If she is all alone, maybe she is lonely?
It still cost an arm and a leg to live out there, maybe finances still has something to do with it also.
Maybe her parents are getting along in age and she is worried about them?
Who Knows....
probably hiding from the world,and i like the last answer too,in the old days we all lived in big farm houses with all our families,what's wrong with that
Well, if she's 48, she could very well be taking care of her parents instead of sponging off of them.

I mean - if she's 48, then her parents must be at least around 20 years older. So that would make one or both almost 70.

You never know the circumstances, so don't be too quick to judge about what's wrong. It might be that she's caring for her parents well-being the way they once helped her.
fear,probably getting out into the world alone is really frightening for some people.
I know a woman who never did move on her own. She's got to be about 43 or 45. Her father passed away now she lives w/her mom. They adopted their nieces and nephews (looks like around 4 or 5 of them). She works for a court house, her mom is a nurse, they are rich. This day and age I think it's becoming less frowned upon.
More importantly, we are we judging the way she lives her life?
I don't think that anything is wrong with a 48 yr old female living with her parents.

First of all, I admire and respect parents who would take in their adult child and help them as much as possible. Especially, if the adult child is a female.

Are you a friend or a relative? In any event, I think that you are jealous and should mind your own business.

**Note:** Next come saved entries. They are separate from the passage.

Lemma card_rows_cols V :
  #|rows V| + #|cols V| <= #|V| + #|components V| /\
  (forest V <-> #|V| + #|components V| = #|rows V| + #|cols V|).
Proof.
have [N] := ubnP #|V|; elim: N V => // N IH V ltVN.
have [[v [b [vV v_lone]]]|V_leafless] := lone_or_leafless V.
  have [simp_v lines_v] := lone_removal vV v_lone.
  have [IHle IHforest] : #|rows (V :\ v)| + #|cols (V :\ v)| <=
      #|V :\ v| + #|components (V :\ v)| /\ (forest (V :\ v) <->
      #|V :\ v| + #|components (V :\ v)| = #|rows (V :\ v)| + #|cols (V :\ v)|).
    by apply: IH; rewrite (cardsD1 v) vV in ltVN.
  have card_V : #|V| = #|V :\ v| + 1 by rewrite (cardsD1 v) vV addnC.
  have -> : forest V <-> forest (V :\ v).
    split; first exact: forest_subset (subsetDl _ _).
    exact: forest_setD1_simplicial.
  rewrite IHforest; split; [lia | split=> ?; lia].
have [->|[v vV]] := set_0Vmem V.
  rewrite /rows /cols componentsE !imset0 !cards0; split=> //; split=> // _.
  by move=> [|x c] [] // _ _ /(_ x (mem_head x c)); rewrite inE.
have twin b : {in V, forall a, exists2 u, u \in V :\ a &
    (if b then u.1 == a.1 else u.2 == a.2)}.
  move=> a aV; have [u uV /andP[au e]] := V_leafless a b aV.
  by exists u; rewrite ?inE ?uV 1?eq_sym ?au //; case: b e; rewrite eq_sym.
have rows_le : 2 * #|rows V| <= #|V|.
  apply: double_card_imset_le => a aV.
  by have [u ? /eqP] := twin true a aV; exists u.
have cols_le : 2 * #|cols V| <= #|V|.
  apply: double_card_imset_le => a aV.
  by have [u ? /eqP] := twin false a aV; exists u.
have comp_gt0 : 0 < #|components V|.
  by rewrite card_gt0; apply/set0Pn; exists (component V v); apply: imset_f.
split; first lia.
split=> [V_forest|]; first by have := leafless_not_forest V_leafless vV.
lia.
Qed.

Lemma card_rows_le V : #|rows V| <= m.
Proof. by have := max_card (mem (rows V)); rewrite card_ord. Qed.

Lemma card_cols_le V : #|cols V| <= n.
Proof. by have := max_card (mem (cols V)); rewrite card_ord. Qed.

Lemma complete_card_rows_cols V : complete V <-> #|rows V| = m /\ #|cols V| = n.
Proof.
have rowsE := card_imset_surj (fun v : T => v.1) V; rewrite card_ord in rowsE.
have colsE := card_imset_surj (fun v : T => v.2) V; rewrite card_ord in colsE.
rewrite /rows /cols rowsE colsE; split=> [[rowsV colsV]|[rowsV colsV]]; split.
- by move=> i; have [j ij] := rowsV i; exists (i, j).
- by move=> j; have [i ij] := colsV j; exists (i, j).
- by move=> i; have [[i' j] ijV /= <-] := rowsV i; exists j.
- by move=> j; have [[i j'] ijV /= <-] := colsV j; exists i.
Qed.
End RookGraph.

Theorem proposition1p1 (m n : nat) (hm : 2 <= m) (hn : 2 <= n)
    (V : {set vtx m n}) :
  (forall k : nat, forest V -> #|components V| = k ->
     (complete V <-> #|V| = m + n - k)) /\
  (#|V| = m + n - 1 -> (tree V <-> complete V /\ connectedV V)) /\
  (complete V -> connectedV V ->
     m + n - 1 <= #|V| /\ (#|V| = m + n - 1 <-> tree V)).
Proof.
have [lines_le forestE] := card_rows_cols V.
have rows_le := card_rows_le V; have cols_le := card_cols_le V.
have rows_card : #|rows V| <= #|V| := leq_imset_card _ _.
have one_component : connectedV V -> 0 < #|V| -> #|components V| = 1.
  by move=> V_conn /card_gt0P[v vV]; apply: card_components_connected vV.
split.
  move=> k /forestE card_forest <-; rewrite complete_card_rows_cols.
  by split=> [[rowsV colsV]|card_V]; [|split]; lia.
split.
  move=> card_V; split=> [[V_conn V_forest]|[V_compl V_conn]].
    have := forestE.1 V_forest; rewrite one_component // ?card_V; last lia.
    by split=> //; apply/complete_card_rows_cols; lia.
  have /complete_card_rows_cols[rowsV colsV] := V_compl.
  by split=> //; apply/forestE; rewrite one_component //; lia.
move=> /complete_card_rows_cols[rowsV colsV] V_conn.
have one : #|components V| = 1 by apply: one_component V_conn _; lia.
split; first lia.
split=> [card_V|[_ /forestE]]; last lia.
by split=> //; apply/forestE; lia.
Qed.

The 48 yr old female is extremely fortunate that she has family who love her enough to not care how old she is. That's what family is all about. At what age do you suggest that family should be unavailable to help their child? I don't care if the "child" is 80 years old; she is still their child.

I feel sorry for you because apparently you have not had the opportunity to experience what a close family is. When one of you needs help, everybody comes together.

When you have a child of your own, perhaps then you will find out what real love is.